• **WHAT IS BEING ASKED**: Set down, character for character, everything in the records below from the line holding "by case/eqP: na;" down to the line holding "Section IndependentColumns.", and no other line.

• **DATASET CONTENT**:

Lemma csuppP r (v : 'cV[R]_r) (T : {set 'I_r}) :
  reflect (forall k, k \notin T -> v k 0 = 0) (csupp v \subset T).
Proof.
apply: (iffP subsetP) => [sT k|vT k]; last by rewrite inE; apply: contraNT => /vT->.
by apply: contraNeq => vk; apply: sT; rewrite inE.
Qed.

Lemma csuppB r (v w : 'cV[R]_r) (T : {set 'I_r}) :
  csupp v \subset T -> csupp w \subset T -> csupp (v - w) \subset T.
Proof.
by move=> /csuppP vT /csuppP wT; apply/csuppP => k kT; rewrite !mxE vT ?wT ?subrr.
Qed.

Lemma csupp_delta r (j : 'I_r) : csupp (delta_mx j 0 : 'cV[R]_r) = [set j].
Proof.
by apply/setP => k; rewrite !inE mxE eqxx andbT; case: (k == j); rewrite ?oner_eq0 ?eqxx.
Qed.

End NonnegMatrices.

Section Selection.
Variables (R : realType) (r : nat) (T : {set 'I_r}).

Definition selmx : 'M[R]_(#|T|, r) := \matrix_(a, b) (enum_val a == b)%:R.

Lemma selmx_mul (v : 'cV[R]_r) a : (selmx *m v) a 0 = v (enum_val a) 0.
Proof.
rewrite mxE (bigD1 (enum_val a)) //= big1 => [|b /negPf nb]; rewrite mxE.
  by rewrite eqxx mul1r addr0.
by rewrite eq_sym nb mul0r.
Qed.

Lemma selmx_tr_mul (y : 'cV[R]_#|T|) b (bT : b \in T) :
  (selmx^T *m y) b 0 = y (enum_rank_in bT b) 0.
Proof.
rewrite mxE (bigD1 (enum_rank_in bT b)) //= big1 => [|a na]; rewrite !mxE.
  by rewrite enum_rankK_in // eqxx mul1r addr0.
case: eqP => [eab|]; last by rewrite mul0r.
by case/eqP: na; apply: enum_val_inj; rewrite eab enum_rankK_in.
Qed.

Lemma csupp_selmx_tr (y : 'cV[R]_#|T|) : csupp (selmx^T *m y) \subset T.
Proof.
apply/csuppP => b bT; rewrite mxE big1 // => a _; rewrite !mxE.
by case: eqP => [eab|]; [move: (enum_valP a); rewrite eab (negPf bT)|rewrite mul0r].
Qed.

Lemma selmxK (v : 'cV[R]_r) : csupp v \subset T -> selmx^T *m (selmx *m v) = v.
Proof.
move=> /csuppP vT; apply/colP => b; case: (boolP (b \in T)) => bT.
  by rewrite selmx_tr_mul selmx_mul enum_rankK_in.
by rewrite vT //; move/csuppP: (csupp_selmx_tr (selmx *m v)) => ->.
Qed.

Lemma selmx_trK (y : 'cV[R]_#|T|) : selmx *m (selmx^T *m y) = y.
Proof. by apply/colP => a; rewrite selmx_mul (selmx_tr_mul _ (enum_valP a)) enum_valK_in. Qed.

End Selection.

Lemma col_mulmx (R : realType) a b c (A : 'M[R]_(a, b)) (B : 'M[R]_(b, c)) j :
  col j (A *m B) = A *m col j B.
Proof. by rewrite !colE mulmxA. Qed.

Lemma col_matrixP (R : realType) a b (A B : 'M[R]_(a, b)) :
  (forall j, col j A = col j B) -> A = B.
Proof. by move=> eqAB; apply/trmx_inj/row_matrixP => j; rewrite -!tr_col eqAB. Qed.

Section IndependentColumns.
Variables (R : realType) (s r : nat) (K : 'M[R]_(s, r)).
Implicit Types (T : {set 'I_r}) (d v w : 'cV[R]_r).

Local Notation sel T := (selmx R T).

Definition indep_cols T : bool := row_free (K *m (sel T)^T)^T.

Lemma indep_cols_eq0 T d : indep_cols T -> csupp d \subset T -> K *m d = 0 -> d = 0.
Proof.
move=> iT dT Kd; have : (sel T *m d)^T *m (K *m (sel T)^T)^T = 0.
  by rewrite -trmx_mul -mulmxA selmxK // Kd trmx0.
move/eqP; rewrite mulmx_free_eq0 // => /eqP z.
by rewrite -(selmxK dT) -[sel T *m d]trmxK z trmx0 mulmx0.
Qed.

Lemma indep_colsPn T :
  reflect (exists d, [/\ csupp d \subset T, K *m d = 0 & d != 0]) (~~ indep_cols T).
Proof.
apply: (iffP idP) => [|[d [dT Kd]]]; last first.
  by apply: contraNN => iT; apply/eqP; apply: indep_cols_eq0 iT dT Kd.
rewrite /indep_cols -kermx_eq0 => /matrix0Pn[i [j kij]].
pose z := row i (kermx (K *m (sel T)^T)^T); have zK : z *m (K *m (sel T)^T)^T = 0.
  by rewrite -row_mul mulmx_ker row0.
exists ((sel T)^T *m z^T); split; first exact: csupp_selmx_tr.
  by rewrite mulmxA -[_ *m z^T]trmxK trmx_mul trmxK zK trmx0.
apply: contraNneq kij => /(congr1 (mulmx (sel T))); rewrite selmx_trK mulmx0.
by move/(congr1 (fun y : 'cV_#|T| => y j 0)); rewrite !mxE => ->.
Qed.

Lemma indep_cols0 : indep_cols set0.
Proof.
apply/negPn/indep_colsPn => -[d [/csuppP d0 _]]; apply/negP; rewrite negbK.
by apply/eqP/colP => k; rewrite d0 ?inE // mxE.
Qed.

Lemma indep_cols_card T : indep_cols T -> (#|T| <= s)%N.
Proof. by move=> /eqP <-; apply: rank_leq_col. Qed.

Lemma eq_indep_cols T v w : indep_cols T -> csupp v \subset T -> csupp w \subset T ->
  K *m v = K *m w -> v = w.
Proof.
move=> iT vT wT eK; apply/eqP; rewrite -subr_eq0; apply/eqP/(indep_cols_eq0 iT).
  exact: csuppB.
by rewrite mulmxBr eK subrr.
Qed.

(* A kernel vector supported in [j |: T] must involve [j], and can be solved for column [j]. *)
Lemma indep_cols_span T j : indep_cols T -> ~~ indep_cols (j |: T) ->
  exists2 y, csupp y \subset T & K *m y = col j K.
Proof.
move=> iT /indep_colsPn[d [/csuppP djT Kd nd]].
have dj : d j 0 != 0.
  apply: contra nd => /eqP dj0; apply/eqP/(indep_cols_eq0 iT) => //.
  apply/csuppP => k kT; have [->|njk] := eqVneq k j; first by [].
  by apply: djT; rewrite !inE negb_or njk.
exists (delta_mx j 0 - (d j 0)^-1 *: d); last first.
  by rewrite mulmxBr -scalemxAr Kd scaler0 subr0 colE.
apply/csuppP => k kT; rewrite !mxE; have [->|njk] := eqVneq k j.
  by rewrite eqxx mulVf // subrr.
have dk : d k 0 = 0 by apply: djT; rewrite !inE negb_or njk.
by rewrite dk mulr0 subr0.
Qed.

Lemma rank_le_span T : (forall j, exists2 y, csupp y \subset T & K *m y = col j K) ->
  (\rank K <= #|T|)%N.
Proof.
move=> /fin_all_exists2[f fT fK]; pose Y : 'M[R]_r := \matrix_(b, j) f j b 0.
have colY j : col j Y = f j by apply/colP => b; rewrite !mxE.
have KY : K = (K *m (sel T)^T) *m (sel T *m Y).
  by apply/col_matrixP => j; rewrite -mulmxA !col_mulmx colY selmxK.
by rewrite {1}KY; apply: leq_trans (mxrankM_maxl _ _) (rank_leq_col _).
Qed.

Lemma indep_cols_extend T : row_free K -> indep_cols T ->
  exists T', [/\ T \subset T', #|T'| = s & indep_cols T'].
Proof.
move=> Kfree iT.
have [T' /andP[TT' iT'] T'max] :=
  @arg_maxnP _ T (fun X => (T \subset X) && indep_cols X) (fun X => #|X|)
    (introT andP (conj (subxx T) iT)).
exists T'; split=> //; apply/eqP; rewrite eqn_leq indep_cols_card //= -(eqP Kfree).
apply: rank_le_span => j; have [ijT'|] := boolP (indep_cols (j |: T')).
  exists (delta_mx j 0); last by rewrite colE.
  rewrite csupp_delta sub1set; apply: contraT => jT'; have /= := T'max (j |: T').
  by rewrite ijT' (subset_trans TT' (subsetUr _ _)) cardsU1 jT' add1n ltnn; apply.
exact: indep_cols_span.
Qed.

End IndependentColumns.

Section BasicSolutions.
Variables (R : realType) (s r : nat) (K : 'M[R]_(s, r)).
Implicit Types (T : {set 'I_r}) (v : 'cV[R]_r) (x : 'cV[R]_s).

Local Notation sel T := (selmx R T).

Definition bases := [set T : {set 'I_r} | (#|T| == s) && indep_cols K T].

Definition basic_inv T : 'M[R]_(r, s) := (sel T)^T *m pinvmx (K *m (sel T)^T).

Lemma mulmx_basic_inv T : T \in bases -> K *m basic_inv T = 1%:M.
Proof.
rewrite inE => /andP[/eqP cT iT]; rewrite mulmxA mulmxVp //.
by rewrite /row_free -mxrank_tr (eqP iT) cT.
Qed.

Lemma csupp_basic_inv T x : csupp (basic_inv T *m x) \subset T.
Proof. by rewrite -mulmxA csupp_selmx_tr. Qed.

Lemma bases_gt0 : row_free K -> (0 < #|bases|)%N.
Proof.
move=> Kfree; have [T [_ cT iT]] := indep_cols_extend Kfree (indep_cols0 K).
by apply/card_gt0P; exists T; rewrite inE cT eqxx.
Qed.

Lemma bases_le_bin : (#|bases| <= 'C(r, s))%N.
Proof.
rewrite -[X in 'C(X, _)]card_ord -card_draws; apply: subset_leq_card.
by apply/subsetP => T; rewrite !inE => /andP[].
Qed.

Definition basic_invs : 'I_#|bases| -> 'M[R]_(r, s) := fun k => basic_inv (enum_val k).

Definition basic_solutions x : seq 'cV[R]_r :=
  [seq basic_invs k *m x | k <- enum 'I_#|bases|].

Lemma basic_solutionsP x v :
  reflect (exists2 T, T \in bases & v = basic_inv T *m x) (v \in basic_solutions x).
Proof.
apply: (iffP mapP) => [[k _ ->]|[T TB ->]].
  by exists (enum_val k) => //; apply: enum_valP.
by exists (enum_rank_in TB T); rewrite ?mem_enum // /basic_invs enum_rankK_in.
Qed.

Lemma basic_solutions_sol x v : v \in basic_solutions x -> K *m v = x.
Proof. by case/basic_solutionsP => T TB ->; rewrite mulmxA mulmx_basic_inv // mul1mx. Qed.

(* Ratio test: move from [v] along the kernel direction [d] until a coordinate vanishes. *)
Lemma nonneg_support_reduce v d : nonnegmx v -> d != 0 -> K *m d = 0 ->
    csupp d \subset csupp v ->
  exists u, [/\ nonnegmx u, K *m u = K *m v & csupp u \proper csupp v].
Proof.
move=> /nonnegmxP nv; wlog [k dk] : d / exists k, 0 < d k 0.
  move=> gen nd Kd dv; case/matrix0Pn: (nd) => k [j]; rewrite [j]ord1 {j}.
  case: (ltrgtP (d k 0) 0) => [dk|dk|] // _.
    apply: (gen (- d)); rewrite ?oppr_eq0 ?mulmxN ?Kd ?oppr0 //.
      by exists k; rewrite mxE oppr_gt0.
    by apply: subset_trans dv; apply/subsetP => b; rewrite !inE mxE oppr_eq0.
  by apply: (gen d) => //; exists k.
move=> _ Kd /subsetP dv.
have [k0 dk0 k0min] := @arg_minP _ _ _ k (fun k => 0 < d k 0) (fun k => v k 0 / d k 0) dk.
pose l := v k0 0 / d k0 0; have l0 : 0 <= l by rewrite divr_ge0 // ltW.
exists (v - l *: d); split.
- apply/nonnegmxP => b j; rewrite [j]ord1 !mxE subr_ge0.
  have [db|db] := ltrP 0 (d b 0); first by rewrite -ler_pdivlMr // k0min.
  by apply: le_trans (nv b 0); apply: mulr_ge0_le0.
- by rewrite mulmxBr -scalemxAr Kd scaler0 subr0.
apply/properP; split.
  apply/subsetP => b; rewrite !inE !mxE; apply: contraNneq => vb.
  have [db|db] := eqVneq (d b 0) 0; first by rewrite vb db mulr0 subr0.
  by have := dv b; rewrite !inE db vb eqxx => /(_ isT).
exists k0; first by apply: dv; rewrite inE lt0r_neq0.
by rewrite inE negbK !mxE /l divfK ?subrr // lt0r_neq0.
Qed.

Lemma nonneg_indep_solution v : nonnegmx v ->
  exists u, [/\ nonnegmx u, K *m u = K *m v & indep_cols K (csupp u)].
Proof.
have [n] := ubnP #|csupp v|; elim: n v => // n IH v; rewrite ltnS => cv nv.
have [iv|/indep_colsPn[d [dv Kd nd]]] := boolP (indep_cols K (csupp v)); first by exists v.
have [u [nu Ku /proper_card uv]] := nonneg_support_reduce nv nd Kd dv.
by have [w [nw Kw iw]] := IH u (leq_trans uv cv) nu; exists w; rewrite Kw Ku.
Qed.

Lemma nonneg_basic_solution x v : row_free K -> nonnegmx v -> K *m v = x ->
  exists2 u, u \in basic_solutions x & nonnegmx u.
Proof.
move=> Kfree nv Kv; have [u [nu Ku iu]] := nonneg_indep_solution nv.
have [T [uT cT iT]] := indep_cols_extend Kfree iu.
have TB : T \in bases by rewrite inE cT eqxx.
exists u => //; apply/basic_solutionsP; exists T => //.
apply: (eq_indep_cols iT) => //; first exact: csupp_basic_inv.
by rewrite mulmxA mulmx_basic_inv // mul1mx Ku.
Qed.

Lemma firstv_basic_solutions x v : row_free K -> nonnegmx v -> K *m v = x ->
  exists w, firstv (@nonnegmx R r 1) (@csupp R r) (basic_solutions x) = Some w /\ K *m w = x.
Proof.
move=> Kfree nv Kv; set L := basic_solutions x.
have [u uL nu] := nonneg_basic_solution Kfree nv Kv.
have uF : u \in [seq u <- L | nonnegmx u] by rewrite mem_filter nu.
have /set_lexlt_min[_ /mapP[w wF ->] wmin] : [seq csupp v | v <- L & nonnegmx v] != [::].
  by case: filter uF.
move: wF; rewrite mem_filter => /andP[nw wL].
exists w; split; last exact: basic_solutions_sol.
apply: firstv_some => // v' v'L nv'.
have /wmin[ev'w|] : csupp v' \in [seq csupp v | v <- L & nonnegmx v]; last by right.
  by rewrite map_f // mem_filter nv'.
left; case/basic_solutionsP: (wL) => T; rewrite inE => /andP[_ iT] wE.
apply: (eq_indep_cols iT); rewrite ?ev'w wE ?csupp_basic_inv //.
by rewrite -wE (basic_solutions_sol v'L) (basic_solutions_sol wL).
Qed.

• **OUTPUT OF THE TASK**:
by case/eqP: na; apply: enum_val_inj; rewrite eab enum_rankK_in.
Qed.

Lemma csupp_selmx_tr (y : 'cV[R]_#|T|) : csupp (selmx^T *m y) \subset T.
Proof.
apply/csuppP => b bT; rewrite mxE big1 // => a _; rewrite !mxE.
by case: eqP => [eab|]; [move: (enum_valP a); rewrite eab (negPf bT)|rewrite mul0r].
Qed.

Lemma selmxK (v : 'cV[R]_r) : csupp v \subset T -> selmx^T *m (selmx *m v) = v.
Proof.
move=> /csuppP vT; apply/colP => b; case: (boolP (b \in T)) => bT.
  by rewrite selmx_tr_mul selmx_mul enum_rankK_in.
by rewrite vT //; move/csuppP: (csupp_selmx_tr (selmx *m v)) => ->.
Qed.

Lemma selmx_trK (y : 'cV[R]_#|T|) : selmx *m (selmx^T *m y) = y.
Proof. by apply/colP => a; rewrite selmx_mul (selmx_tr_mul _ (enum_valP a)) enum_valK_in. Qed.

End Selection.

Lemma col_mulmx (R : realType) a b c (A : 'M[R]_(a, b)) (B : 'M[R]_(b, c)) j :
  col j (A *m B) = A *m col j B.
Proof. by rewrite !colE mulmxA. Qed.

Lemma col_matrixP (R : realType) a b (A B : 'M[R]_(a, b)) :
  (forall j, col j A = col j B) -> A = B.
Proof. by move=> eqAB; apply/trmx_inj/row_matrixP => j; rewrite -!tr_col eqAB. Qed.

Section IndependentColumns.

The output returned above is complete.